┌────────

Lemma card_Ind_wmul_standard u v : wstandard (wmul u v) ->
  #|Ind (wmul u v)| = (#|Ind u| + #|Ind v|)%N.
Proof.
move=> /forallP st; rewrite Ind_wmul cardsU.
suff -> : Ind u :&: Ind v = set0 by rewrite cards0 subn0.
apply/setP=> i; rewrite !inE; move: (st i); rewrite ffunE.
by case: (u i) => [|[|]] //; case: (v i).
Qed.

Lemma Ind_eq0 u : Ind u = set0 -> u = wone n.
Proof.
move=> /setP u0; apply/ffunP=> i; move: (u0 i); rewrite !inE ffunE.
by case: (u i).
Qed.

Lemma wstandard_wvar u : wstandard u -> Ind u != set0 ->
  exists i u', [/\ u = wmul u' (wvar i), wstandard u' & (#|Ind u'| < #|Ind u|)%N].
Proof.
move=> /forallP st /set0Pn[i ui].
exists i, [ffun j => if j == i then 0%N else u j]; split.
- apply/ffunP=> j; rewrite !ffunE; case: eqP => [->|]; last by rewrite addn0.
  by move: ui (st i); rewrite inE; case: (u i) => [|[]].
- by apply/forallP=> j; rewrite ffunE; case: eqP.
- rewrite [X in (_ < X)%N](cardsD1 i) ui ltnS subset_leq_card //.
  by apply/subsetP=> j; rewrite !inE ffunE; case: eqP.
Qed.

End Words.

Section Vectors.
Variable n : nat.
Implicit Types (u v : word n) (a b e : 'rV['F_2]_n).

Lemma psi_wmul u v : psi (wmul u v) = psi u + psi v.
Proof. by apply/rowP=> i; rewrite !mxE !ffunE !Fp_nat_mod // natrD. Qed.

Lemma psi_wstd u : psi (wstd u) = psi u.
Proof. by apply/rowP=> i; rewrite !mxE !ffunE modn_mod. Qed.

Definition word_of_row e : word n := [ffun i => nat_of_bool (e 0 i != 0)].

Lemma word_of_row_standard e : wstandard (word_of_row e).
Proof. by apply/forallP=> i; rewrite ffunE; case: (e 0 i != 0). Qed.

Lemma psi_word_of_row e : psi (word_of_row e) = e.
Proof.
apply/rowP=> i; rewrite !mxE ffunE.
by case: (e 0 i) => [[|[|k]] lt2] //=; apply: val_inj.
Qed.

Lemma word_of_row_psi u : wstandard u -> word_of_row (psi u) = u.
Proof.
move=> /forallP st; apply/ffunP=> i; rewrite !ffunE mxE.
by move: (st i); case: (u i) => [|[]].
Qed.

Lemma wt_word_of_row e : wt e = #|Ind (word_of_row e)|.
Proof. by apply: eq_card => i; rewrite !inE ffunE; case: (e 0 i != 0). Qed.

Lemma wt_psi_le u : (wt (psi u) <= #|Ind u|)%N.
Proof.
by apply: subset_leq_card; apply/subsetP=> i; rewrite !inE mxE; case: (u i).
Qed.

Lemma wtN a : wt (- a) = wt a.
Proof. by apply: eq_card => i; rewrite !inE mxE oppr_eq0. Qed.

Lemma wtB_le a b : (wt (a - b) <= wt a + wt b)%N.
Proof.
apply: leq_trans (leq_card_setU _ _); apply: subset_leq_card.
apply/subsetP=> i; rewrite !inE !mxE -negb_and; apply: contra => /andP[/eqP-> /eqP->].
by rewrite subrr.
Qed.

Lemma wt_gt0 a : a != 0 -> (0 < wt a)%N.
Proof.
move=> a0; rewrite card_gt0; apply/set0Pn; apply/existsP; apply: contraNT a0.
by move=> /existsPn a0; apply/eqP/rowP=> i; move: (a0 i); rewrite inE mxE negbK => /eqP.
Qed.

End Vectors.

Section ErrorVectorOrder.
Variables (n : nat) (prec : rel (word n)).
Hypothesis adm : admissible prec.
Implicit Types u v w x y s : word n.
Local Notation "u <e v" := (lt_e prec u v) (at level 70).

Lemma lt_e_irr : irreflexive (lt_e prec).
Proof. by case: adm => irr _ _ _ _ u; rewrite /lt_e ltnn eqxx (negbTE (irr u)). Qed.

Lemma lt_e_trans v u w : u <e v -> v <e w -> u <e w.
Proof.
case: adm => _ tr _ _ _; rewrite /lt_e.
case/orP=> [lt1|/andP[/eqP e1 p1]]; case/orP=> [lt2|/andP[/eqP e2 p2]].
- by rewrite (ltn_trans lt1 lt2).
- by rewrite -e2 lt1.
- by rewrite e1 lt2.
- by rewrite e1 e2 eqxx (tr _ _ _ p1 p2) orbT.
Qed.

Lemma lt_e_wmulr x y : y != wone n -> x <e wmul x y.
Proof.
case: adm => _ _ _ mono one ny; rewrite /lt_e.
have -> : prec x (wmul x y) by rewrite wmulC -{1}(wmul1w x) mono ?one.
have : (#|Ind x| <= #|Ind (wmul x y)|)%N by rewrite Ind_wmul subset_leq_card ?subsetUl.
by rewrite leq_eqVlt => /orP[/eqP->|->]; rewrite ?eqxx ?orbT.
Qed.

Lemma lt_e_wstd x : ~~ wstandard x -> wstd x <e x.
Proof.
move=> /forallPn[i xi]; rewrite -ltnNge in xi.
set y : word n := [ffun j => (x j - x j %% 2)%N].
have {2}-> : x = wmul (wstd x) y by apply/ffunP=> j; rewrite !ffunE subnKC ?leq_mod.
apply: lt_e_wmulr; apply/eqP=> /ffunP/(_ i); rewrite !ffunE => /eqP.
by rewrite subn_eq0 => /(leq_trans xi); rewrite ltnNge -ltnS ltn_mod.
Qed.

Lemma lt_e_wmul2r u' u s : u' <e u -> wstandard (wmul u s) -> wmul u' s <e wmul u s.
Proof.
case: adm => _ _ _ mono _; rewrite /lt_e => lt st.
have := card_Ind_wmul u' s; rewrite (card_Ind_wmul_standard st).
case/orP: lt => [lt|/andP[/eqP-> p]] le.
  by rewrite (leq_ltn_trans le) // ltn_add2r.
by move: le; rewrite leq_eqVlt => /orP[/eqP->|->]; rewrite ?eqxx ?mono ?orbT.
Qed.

└────────

- **Required action**: Once more, write all of the records exactly as given.

- **Answer box**:
Lemma card_Ind_wmul_standard u v : wstandard (wmul u v) ->
  #|Ind (wmul u v)| = (#|Ind u| + #|Ind v|)%N.
Proof.
move=> /forallP st; rewrite Ind_wmul cardsU.
suff -> : Ind u :&: Ind v = set0 by rewrite cards0 subn0.
apply/setP=> i; rewrite !inE; move: (st i); rewrite ffunE.
by case: (u i) => [|[|]] //; case: (v i).
Qed.

Lemma Ind_eq0 u : Ind u = set0 -> u = wone n.
Proof.
move=> /setP u0; apply/ffunP=> i; move: (u0 i); rewrite !inE ffunE.
by case: (u i).
Qed.

Lemma wstandard_wvar u : wstandard u -> Ind u != set0 ->
  exists i u', [/\ u = wmul u' (wvar i), wstandard u' & (#|Ind u'| < #|Ind u|)%N].
Proof.
move=> /forallP st /set0Pn[i ui].
exists i, [ffun j => if j == i then 0%N else u j]; split.
- apply/ffunP=> j; rewrite !ffunE; case: eqP => [->|]; last by rewrite addn0.
  by move: ui (st i); rewrite inE; case: (u i) => [|[]].
- by apply/forallP=> j; rewrite ffunE; case: eqP.
- rewrite [X in (_ < X)%N](cardsD1 i) ui ltnS subset_leq_card //.
  by apply/subsetP=> j; rewrite !inE ffunE; case: eqP.
Qed.

End Words.

Section Vectors.
Variable n : nat.
Implicit Types (u v : word n) (a b e : 'rV['F_2]_n).

Lemma psi_wmul u v : psi (wmul u v) = psi u + psi v.
Proof. by apply/rowP=> i; rewrite !mxE !ffunE !Fp_nat_mod // natrD. Qed.

Lemma psi_wstd u : psi (wstd u) = psi u.
Proof. by apply/rowP=> i; rewrite !mxE !ffunE modn_mod. Qed.

Definition word_of_row e : word n := [ffun i => nat_of_bool (e 0 i != 0)].

Lemma word_of_row_standard e : wstandard (word_of_row e).
Proof. by apply/forallP=> i; rewrite ffunE; case: (e 0 i != 0). Qed.

Lemma psi_word_of_row e : psi (word_of_row e) = e.
Proof.
apply/rowP=> i; rewrite !mxE ffunE.
by case: (e 0 i) => [[|[|k]] lt2] //=; apply: val_inj.
Qed.

Lemma word_of_row_psi u : wstandard u -> word_of_row (psi u) = u.
Proof.
move=> /forallP st; apply/ffunP=> i; rewrite !ffunE mxE.
by move: (st i); case: (u i) => [|[]].
Qed.

Lemma wt_word_of_row e : wt e = #|Ind (word_of_row e)|.
Proof. by apply: eq_card => i; rewrite !inE ffunE; case: (e 0 i != 0). Qed.

Lemma wt_psi_le u : (wt (psi u) <= #|Ind u|)%N.
Proof.
by apply: subset_leq_card; apply/subsetP=> i; rewrite !inE mxE; case: (u i).
Qed.

Lemma wtN a : wt (- a) = wt a.
Proof. by apply: eq_card => i; rewrite !inE mxE oppr_eq0. Qed.

Lemma wtB_le a b : (wt (a - b) <= wt a + wt b)%N.
Proof.
apply: leq_trans (leq_card_setU _ _); apply: subset_leq_card.
apply/subsetP=> i; rewrite !inE !mxE -negb_and; apply: contra => /andP[/eqP-> /eqP->].
by rewrite subrr.
Qed.

Lemma wt_gt0 a : a != 0 -> (0 < wt a)%N.
Proof.
move=> a0; rewrite card_gt0; apply/set0Pn; apply/existsP; apply: contraNT a0.
by move=> /existsPn a0; apply/eqP/rowP=> i; move: (a0 i); rewrite inE mxE negbK => /eqP.
Qed.

End Vectors.

Section ErrorVectorOrder.
Variables (n : nat) (prec : rel (word n)).
Hypothesis adm : admissible prec.
Implicit Types u v w x y s : word n.
Local Notation "u <e v" := (lt_e prec u v) (at level 70).

Lemma lt_e_irr : irreflexive (lt_e prec).
Proof. by case: adm => irr _ _ _ _ u; rewrite /lt_e ltnn eqxx (negbTE (irr u)). Qed.

Lemma lt_e_trans v u w : u <e v -> v <e w -> u <e w.
Proof.
case: adm => _ tr _ _ _; rewrite /lt_e.
case/orP=> [lt1|/andP[/eqP e1 p1]]; case/orP=> [lt2|/andP[/eqP e2 p2]].
- by rewrite (ltn_trans lt1 lt2).
- by rewrite -e2 lt1.
- by rewrite e1 lt2.
- by rewrite e1 e2 eqxx (tr _ _ _ p1 p2) orbT.
Qed.

Lemma lt_e_wmulr x y : y != wone n -> x <e wmul x y.
Proof.
case: adm => _ _ _ mono one ny; rewrite /lt_e.
have -> : prec x (wmul x y) by rewrite wmulC -{1}(wmul1w x) mono ?one.
have : (#|Ind x| <= #|Ind (wmul x y)|)%N by rewrite Ind_wmul subset_leq_card ?subsetUl.
by rewrite leq_eqVlt => /orP[/eqP->|->]; rewrite ?eqxx ?orbT.
Qed.

Lemma lt_e_wstd x : ~~ wstandard x -> wstd x <e x.
Proof.
move=> /forallPn[i xi]; rewrite -ltnNge in xi.
set y : word n := [ffun j => (x j - x j %% 2)%N].
have {2}-> : x = wmul (wstd x) y by apply/ffunP=> j; rewrite !ffunE subnKC ?leq_mod.
apply: lt_e_wmulr; apply/eqP=> /ffunP/(_ i); rewrite !ffunE => /eqP.
by rewrite subn_eq0 => /(leq_trans xi); rewrite ltnNge -ltnS ltn_mod.
Qed.

Lemma lt_e_wmul2r u' u s : u' <e u -> wstandard (wmul u s) -> wmul u' s <e wmul u s.
Proof.
case: adm => _ _ _ mono _; rewrite /lt_e => lt st.
have := card_Ind_wmul u' s; rewrite (card_Ind_wmul_standard st).
case/orP: lt => [lt|/andP[/eqP-> p]] le.
  by rewrite (leq_ltn_trans le) // ltn_add2r.
by move: le; rewrite leq_eqVlt => /orP[/eqP->|->]; rewrite ?eqxx ?mono ?orbT.
Qed.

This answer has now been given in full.